### Task item
Look through the records below, and whenever a line contains "Section", copy it.
------------------------------------
Lemma word_adj_head s t : word_adj s t -> nth 0 s 0 != nth 0 t 0 ->
  letter_change s t \/ pair_change s t.
Proof.
move=> + /eqP s0t0; case=> -[] [[|p] [eq_st]] //;
  try by case: s0t0; first [apply: eq_st | apply/esym/eq_st].
- by move=> *; left; split; [move=> q ?; apply: eq_st | right | |]; lia.
- by move=> *; right; split; [move=> q ?; apply: eq_st | left; split]; lia.
- by move=> *; left; split; [move=> q ?; apply/esym/eq_st | left | |]; lia.
- by move=> *; right; split; [move=> q ?; apply/esym/eq_st | right; split]; lia.
Qed.

Lemma word_adj_head_step s t : word_adj s t -> nth 0 s 0 != nth 0 t 0 ->
  nth 0 s 0 = (nth 0 t 0).+1 \/ nth 0 t 0 = (nth 0 s 0).+1.
Proof. by move=> /word_adj_head/[apply] -[[_ *]|[_ [[*]|[*]]]]; lia. Qed.

Lemma word_adj_head_uniq s t u : word_adj s t -> word_adj u t ->
  nth 0 s 0 = nth 0 u 0 -> nth 0 s 0 != nth 0 t 0 -> forall q, nth 0 s q = nth 0 u q.
Proof.
move=> st ut s0u0 s0t0; have u0t0 : nth 0 u 0 != nth 0 t 0 by rewrite -s0u0.
case: (word_adj_head st s0t0) => [[eq_st s_step s0k t0k]|[eq_st s_pair]];
  case: (word_adj_head ut u0t0) => [[eq_ut u_step u0k t0k']|[eq_ut u_pair]];
  case=> [//|[|q]]; try by rewrite eq_st // eq_ut.
- by case: u_pair => -[]; lia.
- by case: s_pair => -[]; lia.
- by case: s_pair u_pair => -[] + + + + [] []; lia.
Qed.

End WordAdjacency.

Section PellVertices.
Variable k : nat.
Hypothesis k_gt1 : 1 < k.
Local Notation V n := (pell_vertex n k).
Let k_gt0 : 0 < k := ltnW k_gt1.

Definition word n (x : V n) : seq nat := map val (val x).
Definition head_letter n (x : V n) := nth 0 (word x) 0.

Lemma size_word n (x : V n) : size (word x) = n.
Proof. by rewrite size_map size_tuple. Qed.

Lemma pellb_word n (x : V n) : pellb k (word x).
Proof. exact: valP x. Qed.

Lemma word_inj n : injective (@word n).
Proof. by move=> x y /(inj_map val_inj) /val_inj /val_inj. Qed.

Lemma nth_word_le n (x : V n) q : nth 0 (word x) q <= k.
Proof.
case: (ltnP q n) => [q_lt_n|]; last by move=> n_le_q; rewrite nth_default ?size_word.
by rewrite (nth_map ord0) ?size_tuple // -ltnS ltn_ord.
Qed.

Lemma letter_word n (x : V n) i : letter (val x) i = nth 0 (word x) i.
Proof. by rewrite /letter (tnth_nth ord0) (nth_map ord0) // size_tuple. Qed.

Lemma nth_word_gt0 n (x : V n) q : 0 < nth 0 (word x) q -> q < n.
Proof. by case: (ltnP q n) => // n_le_q; rewrite nth_default ?size_word. Qed.

Lemma step1_raise n (x y : V n) :
  step1 (val x) (val y) <-> raise_letter k (word x) (word y).
Proof.
split=> [/existsP [i /and3P [/forallP eq_xy]]|[p [eq_xy xy_p y_p]]].
  rewrite !letter_word => /eqP xy_i y_i; exists (val i); split=> // q qi.
  case: (ltnP q n) => [q_lt_n|n_le_q]; last by rewrite !nth_default ?size_word.
  have /implyP := eq_xy (Ordinal q_lt_n); rewrite !letter_word => eq_q; apply/eqP/eq_q.
  by apply: contra qi => /eqP <-.
have p_lt_n : p < n by apply: (nth_word_gt0 (x := y)); rewrite -xy_p.
apply/existsP; exists (Ordinal p_lt_n); apply/and3P; split; rewrite ?letter_word ?xy_p //.
by apply/forallP => j; apply/implyP => jp; rewrite !letter_word eq_xy.
Qed.

Lemma step2_raise n (x y : V n) :
  step2 (val x) (val y) <-> raise_pair k (word x) (word y).
Proof.
split=> [/existsP [i /existsP [i' /and4P [/eqP ii' + + /and3P [+ + /forallP eq_xy]]]]|].
  rewrite !letter_word ii' => /eqP x_i /eqP x_i1 /eqP y_i /eqP y_i1.
  exists (val i); split=> // q qi qi1.
  case: (ltnP q n) => [q_lt_n|n_le_q]; last by rewrite !nth_default ?size_word.
  have /implyP := eq_xy (Ordinal q_lt_n); rewrite !letter_word => eq_q; apply/eqP/eq_q.
  by rewrite -(inj_eq val_inj) -[_ == i'](inj_eq val_inj) /= ii' qi qi1.
case=> p [eq_xy x_p x_p1 y_p y_p1].
have p1_lt_n : p.+1 < n by apply: (nth_word_gt0 (x := y)); rewrite y_p1; lia.
apply/existsP; exists (Ordinal (ltnW p1_lt_n)); apply/existsP; exists (Ordinal p1_lt_n).
rewrite !letter_word /= x_p x_p1 y_p y_p1 !eqxx /=.
apply/forallP => j; apply/implyP => /andP [jp jp1]; rewrite !letter_word eq_xy //.
Qed.

Lemma pell_adjP n (x y : V n) : reflect (word_adj k (word x) (word y)) (pell_adj x y).
Proof.
apply: (iffP idP); rewrite /word_adj /word_raise -!step1_raise -!step2_raise.
  by case/or4P => ?; [left; left | right; left | left; right | right; right].
case=> -[] ?; apply/or4P.
all: by [constructor 1 | constructor 3 | constructor 2 | constructor 4].
Qed.

Lemma pell_adj_sym n : symmetric (@pell_adj n k).
Proof.
move=> x y; rewrite /pell_adj /=.
by case: (step1 _ _); case: (step1 _ _); case: (step2 _ _); case: (step2 _ _).
Qed.

Lemma pell_adj_irr n : irreflexive (@pell_adj n k).
Proof. by move=> x; apply/negbTE/negP => /pell_adjP /(word_adj_irr k_gt0). Qed.

Lemma head_letter_le n (x : V n) : head_letter x <= k.
Proof. exact: nth_word_le. Qed.

Lemma pell_adj_head_step n (x y : V n) :
  pell_adj x y -> head_letter x != head_letter y ->
  head_letter x = (head_letter y).+1 \/ head_letter y = (head_letter x).+1.
Proof. by move=> /pell_adjP /(word_adj_head_step k_gt0). Qed.

Lemma pell_adj_head_uniq n (x y z : V n) : pell_adj x y -> pell_adj z y ->
  head_letter x = head_letter z -> head_letter x != head_letter y -> x = z.
Proof.
move=> /pell_adjP xy /pell_adjP zy xz xy0; apply: word_inj.
apply: (@eq_from_nth _ 0); first by rewrite !size_word.
by move=> q _; exact: (word_adj_head_uniq k_gt0 xy zy xz xy0 q).
Qed.

End PellVertices.

Section PellConstructions.
Variable k : nat.
Hypothesis k_gt1 : 1 < k.
Local Notation V n := (pell_vertex n k).
Let k_gt0 : 0 < k := ltnW k_gt1.

Lemma pellb_zero n : pellb k (map val (nseq_tuple n (ord0 : 'I_k.+1))).
Proof. by rewrite /= map_nseq; elim: n => //= n ->; rewrite eq_sym gtn_eqF. Qed.

Definition pell_zero n : V n := exist _ (nseq_tuple n ord0) (pellb_zero n).

(* [insubd] falls back to [pell_zero] outside the intended domain: [pcons j] is
   only used with j < k, [ptail] on words not starting with k, and [ptail2] on
   words starting with kk. *)
Definition pcons n (j : nat) (x : V n) : V n.+1 :=
  insubd (pell_zero n.+1) (cons_tuple (inord j) (val x)).
Definition pconsKK n (x : V n) : V n.+2 :=
  insubd (pell_zero n.+2) (cons_tuple ord_max (cons_tuple ord_max (val x))).
Definition ptail n (x : V n.+1) : V n := insubd (pell_zero n) (behead_tuple (val x)).
Definition ptail2 n (x : V n.+2) : V n :=
  insubd (pell_zero n) (behead_tuple (behead_tuple (val x))).

Lemma word_pcons n j (x : V n) : j < k -> word (pcons j x) = j :: word x.
Proof.
move=> j_lt_k; have val_j : nat_of_ord (inord j : 'I_k.+1) = j.
  by rewrite inordK // ltnS ltnW.
by rewrite /word /pcons val_insubd /= val_j ltn_eqF // pellb_word /= val_j.
Qed.

Lemma word_pconsKK n (x : V n) : word (pconsKK x) = k :: k :: word x.
Proof.
have pell_KK : pellb k (k :: k :: word x) by rewrite /= eqxx pellb_word.
by rewrite /word /pconsKK val_insubd ifT.
Qed.

Lemma pellb_behead s : pellb k s -> nth 0 s 0 != k -> pellb k (behead s).
Proof. by case: s => //= a s; case: eqP. Qed.

Lemma pellb_behead2 s : pellb k s -> nth 0 s 0 = k ->
  nth 0 s 1 = k /\ pellb k (behead (behead s)).
Proof.
case: s => [|a [|b s]] /= pell_s ak; first by move: k_gt0; rewrite -ak.
  by move: pell_s; rewrite ak eqxx.
by move: pell_s; rewrite ak eqxx => /andP [/eqP].
Qed.

Lemma word_ptail n (x : V n.+1) : head_letter x != k -> word (ptail x) = behead (word x).
Proof.
move=> hx; have pell_tail := pellb_behead (pellb_word x) hx.
by rewrite /word /ptail val_insubd /= -behead_map ifT // behead_map.
Qed.

Lemma word_ptail2 n (x : V n.+2) :
  head_letter x = k -> word (ptail2 x) = behead (behead (word x)).
Proof.
move=> hx; have [_ pell_tail] := pellb_behead2 (pellb_word x) hx.
by rewrite /word /ptail2 val_insubd /= -!behead_map ifT // !behead_map.
Qed.

Lemma head_letter_pcons n j (x : V n) : j < k -> head_letter (pcons j x) = j.
Proof. by move=> j_lt_k; rewrite /head_letter word_pcons. Qed.

Lemma head_letter_pconsKK n (x : V n) : head_letter (pconsKK x) = k.
Proof. by rewrite /head_letter word_pconsKK. Qed.

Lemma pcons_inj n j : j < k -> injective (@pcons n j).
Proof.
by move=> j_lt_k x y /(congr1 (@word k n.+1)); rewrite !word_pcons // => -[/word_inj].
Qed.

Lemma pconsKK_inj n : injective (@pconsKK n).
Proof. by move=> x y /(congr1 (@word k n.+2)); rewrite !word_pconsKK => -[/word_inj]. Qed.

Lemma pcons_ptail n (x : V n.+1) : head_letter x < k -> pcons (head_letter x) (ptail x) = x.
Proof.
move=> hx; apply: word_inj; rewrite word_pcons // word_ptail ?ltn_eqF //.
by move: (size_word x) hx; rewrite /head_letter; case: (word x).
Qed.

Lemma pconsKK_ptail2 n (x : V n.+2) : head_letter x = k -> pconsKK (ptail2 x) = x.
Proof.
move=> hx; apply: word_inj; rewrite word_pconsKK word_ptail2 //.
have [hx1 _] := pellb_behead2 (pellb_word x) hx; move: (size_word x) hx hx1.
by rewrite /head_letter; case: (word x) => [|a [|b s]] //= _ -> ->.
Qed.

Lemma head_letter_lt_k (x : V 1) : head_letter x < k.
Proof.
rewrite ltn_neqAle head_letter_le andbT; apply/eqP => /(pellb_behead2 (pellb_word x)) [].
by rewrite nth_default ?size_word // => k0 _; move: k_gt0; rewrite -k0.
Qed.

Lemma card_pell0 : #|{: V 0}| = 1.
Proof.
rewrite -cardsT; apply/eqP/cards1P; exists (pell_zero 0); apply/setP => y; rewrite !inE.
apply/esym/eqP/word_inj.
by move: (size_word y) (size_word (pell_zero 0)); do 2!case: (word _).
Qed.

Lemma pell_adj_pcons n j (x y : V n) :
  j < k -> pell_adj (pcons j x) (pcons j y) = pell_adj x y.
Proof.
move=> j_lt_k; apply/(pell_adjP k_gt1)/(pell_adjP k_gt1);
  by rewrite !word_pcons // (word_adj_cons k_gt0).
Qed.

Lemma pell_adj_pconsKK n (x y : V n) : pell_adj (pconsKK x) (pconsKK y) = pell_adj x y.
Proof.
by apply/(pell_adjP k_gt1)/(pell_adjP k_gt1);
  rewrite !word_pconsKK !(word_adj_cons k_gt0).
Qed.

Lemma pell_adj_pcons_succ n j (x : V n) : j.+1 < k -> pell_adj (pcons j x) (pcons j.+1 x).
Proof.
move=> j1_lt_k; apply/(pell_adjP k_gt1); rewrite !word_pcons //; last lia.
by left; left; exists 0; split=> [[|q]||/=] //; lia.
Qed.

Lemma pell_adj_pcons_eq n j j' (x y : V n) : j < k -> j' < k -> j != j' ->
  pell_adj (pcons j x) (pcons j' y) -> x = y.
Proof.
move=> j_lt_k j'_lt_k jj' /(pell_adjP k_gt1); rewrite !word_pcons //.
case/(word_adj_head k_gt0)/(_ jj') => [[eq_tail _ _ _]|[_ /= [[]|[]]]]; try lia.
apply/word_inj/(@eq_from_nth _ 0); first by rewrite !size_word.
by move=> q _; apply: (eq_tail q.+1).
Qed.

Lemma pell_adj_pcons2_pconsKK n (y : V n) :
  pell_adj (pcons (k - 1) (pcons (k - 1) y)) (pconsKK y).
Proof.
apply/(pell_adjP k_gt1); rewrite !word_pcons ?word_pconsKK; try lia.
by left; right; exists 0; split=> // -[|[|q]].
Qed.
------------------------------------
### Finished task
Section PellVertices.
Section PellConstructions.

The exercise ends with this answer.